### Extracted records
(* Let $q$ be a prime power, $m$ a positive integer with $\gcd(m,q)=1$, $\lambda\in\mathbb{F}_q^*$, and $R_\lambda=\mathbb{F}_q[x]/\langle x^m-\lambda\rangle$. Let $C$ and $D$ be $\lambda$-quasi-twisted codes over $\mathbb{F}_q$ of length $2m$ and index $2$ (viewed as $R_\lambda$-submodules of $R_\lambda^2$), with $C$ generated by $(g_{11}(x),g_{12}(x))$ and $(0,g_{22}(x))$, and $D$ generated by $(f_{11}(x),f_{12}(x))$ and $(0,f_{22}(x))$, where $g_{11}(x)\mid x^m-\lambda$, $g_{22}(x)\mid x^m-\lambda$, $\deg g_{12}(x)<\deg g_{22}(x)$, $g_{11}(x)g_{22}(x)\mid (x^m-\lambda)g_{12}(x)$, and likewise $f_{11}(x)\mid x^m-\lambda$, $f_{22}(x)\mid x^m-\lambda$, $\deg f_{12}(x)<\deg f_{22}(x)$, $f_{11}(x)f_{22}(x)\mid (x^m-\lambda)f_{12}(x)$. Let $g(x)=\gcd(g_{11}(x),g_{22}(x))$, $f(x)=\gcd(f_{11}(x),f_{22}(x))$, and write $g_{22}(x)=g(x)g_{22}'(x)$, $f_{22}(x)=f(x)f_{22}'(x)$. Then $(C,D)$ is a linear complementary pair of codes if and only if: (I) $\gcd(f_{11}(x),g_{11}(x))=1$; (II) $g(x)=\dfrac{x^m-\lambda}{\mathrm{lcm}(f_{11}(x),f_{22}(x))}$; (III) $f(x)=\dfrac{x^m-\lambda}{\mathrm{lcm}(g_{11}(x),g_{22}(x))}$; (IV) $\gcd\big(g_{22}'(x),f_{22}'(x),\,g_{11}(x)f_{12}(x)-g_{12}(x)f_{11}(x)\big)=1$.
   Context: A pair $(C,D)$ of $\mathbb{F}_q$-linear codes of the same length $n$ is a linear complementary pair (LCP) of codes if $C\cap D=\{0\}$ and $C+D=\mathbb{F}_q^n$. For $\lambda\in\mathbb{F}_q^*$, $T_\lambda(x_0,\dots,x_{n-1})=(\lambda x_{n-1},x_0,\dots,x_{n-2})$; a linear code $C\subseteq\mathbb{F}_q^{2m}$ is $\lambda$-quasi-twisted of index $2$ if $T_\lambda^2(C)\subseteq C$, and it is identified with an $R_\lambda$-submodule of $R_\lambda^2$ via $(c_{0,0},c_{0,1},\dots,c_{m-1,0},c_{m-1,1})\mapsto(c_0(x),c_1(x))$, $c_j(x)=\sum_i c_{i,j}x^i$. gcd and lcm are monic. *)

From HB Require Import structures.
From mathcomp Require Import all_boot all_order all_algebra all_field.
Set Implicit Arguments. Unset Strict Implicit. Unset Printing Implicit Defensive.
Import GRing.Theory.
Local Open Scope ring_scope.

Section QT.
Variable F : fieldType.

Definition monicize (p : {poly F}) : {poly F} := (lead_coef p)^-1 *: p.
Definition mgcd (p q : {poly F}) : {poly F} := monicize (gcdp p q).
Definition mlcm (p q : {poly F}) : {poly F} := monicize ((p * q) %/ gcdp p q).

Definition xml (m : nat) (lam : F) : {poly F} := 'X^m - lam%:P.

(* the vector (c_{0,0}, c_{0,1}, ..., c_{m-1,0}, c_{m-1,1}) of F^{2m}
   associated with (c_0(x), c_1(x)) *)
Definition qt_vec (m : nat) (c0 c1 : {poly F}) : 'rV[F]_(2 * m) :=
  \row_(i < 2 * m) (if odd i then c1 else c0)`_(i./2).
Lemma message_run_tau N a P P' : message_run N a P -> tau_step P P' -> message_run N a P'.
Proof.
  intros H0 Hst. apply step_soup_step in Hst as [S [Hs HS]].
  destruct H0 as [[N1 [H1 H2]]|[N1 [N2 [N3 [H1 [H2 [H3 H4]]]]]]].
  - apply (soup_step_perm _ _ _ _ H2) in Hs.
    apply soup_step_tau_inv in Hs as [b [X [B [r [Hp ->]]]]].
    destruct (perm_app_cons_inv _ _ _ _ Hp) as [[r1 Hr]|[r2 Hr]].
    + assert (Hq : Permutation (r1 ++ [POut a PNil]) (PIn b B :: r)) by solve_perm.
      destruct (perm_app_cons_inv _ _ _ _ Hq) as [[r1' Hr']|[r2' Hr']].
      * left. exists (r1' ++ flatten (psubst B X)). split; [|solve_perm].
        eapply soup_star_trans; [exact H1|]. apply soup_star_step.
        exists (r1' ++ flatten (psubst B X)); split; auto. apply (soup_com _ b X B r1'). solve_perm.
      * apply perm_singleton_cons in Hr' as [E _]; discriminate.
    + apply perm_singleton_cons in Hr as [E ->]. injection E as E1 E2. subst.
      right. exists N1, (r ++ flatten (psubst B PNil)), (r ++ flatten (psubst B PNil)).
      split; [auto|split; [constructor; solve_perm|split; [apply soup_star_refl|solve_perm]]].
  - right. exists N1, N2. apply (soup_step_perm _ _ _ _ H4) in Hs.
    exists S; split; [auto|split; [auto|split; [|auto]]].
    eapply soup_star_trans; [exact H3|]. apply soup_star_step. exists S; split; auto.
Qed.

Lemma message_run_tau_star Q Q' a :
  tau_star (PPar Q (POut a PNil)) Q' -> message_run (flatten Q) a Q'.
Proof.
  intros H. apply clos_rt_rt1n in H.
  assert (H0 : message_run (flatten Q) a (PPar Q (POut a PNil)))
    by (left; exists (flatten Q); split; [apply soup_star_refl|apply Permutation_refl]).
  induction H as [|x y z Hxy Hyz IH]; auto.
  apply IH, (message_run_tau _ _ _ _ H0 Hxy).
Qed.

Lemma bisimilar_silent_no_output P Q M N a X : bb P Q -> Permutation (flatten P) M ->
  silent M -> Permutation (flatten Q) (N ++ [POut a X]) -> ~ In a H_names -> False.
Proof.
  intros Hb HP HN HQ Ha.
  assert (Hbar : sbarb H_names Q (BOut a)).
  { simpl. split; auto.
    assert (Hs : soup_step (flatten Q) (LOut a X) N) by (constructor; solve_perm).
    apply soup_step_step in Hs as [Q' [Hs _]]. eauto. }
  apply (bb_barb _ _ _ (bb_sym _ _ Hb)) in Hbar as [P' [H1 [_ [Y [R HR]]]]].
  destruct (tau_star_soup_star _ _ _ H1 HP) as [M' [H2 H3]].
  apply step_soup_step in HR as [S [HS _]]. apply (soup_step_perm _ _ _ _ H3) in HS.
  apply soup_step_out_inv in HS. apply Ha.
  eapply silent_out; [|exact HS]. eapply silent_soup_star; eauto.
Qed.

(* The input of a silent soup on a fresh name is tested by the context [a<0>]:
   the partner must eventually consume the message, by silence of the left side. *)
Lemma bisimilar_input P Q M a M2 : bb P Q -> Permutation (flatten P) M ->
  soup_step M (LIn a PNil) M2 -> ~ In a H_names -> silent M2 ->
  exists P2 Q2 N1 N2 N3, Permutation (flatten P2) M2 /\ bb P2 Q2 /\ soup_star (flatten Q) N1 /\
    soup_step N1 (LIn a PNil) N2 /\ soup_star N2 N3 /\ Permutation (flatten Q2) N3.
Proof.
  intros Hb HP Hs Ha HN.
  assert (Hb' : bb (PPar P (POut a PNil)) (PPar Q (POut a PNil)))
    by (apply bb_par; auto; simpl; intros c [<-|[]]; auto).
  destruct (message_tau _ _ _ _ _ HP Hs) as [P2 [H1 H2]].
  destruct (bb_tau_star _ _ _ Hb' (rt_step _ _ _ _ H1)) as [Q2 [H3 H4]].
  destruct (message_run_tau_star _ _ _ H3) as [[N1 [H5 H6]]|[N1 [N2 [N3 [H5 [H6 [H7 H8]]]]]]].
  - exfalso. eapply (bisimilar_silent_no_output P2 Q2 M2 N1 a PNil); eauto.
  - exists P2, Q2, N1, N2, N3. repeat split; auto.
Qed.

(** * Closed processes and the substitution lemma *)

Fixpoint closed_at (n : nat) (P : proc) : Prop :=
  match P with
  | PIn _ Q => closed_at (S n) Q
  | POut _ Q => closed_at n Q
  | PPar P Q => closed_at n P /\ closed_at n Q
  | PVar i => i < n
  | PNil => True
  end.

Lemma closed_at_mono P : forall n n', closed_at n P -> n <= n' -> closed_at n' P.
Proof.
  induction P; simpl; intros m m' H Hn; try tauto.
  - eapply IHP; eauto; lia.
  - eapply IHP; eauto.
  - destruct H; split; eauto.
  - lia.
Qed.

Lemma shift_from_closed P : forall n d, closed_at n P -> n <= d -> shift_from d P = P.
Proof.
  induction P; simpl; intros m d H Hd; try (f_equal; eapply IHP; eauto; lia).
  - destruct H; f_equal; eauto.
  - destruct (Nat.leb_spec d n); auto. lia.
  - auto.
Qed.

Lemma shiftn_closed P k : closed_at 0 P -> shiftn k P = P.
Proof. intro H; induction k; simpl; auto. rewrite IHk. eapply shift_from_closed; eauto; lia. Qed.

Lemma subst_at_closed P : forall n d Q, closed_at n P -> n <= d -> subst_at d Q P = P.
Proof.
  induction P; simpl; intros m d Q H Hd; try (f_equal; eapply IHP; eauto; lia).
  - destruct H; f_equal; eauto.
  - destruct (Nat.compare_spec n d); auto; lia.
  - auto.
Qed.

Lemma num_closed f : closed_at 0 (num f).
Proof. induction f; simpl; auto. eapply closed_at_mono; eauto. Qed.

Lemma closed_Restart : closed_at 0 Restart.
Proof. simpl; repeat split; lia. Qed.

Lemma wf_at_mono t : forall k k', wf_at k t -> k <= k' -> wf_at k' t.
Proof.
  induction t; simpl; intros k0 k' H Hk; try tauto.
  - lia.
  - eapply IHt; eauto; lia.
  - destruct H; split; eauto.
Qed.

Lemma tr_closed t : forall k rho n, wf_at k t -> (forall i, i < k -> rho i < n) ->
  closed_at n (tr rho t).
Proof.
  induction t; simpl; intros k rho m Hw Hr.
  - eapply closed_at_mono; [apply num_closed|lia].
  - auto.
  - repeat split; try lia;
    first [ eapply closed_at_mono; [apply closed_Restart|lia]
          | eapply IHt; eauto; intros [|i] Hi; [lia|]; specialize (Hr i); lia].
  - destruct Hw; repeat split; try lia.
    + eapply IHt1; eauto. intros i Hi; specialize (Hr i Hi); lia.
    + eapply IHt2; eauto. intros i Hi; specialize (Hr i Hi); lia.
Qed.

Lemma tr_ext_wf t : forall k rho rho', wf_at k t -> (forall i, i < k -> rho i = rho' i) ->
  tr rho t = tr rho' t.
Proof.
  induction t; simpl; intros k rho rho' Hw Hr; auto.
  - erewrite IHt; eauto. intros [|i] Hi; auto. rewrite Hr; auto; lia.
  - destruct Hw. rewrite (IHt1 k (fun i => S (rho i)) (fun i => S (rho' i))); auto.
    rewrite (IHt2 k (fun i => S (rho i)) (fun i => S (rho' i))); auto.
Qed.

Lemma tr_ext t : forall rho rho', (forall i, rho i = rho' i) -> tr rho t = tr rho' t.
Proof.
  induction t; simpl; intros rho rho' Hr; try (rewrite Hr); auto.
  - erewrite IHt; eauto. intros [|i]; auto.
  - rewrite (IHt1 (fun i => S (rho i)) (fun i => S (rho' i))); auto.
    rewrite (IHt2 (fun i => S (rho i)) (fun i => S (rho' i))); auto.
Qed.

### To do
Among the entries above, the lines between the ones containing "assert (H0 : message_run" and "simpl. split; auto.", inclusive, are to be transcribed exactly. No other line is to be given.

### Solution to the exercise
  assert (H0 : message_run (flatten Q) a (PPar Q (POut a PNil)))
    by (left; exists (flatten Q); split; [apply soup_star_refl|apply Permutation_refl]).
  induction H as [|x y z Hxy Hyz IH]; auto.
  apply IH, (message_run_tau _ _ _ _ H0 Hxy).
Qed.

Lemma bisimilar_silent_no_output P Q M N a X : bb P Q -> Permutation (flatten P) M ->
  silent M -> Permutation (flatten Q) (N ++ [POut a X]) -> ~ In a H_names -> False.
Proof.
  intros Hb HP HN HQ Ha.
  assert (Hbar : sbarb H_names Q (BOut a)).
  { simpl. split; auto.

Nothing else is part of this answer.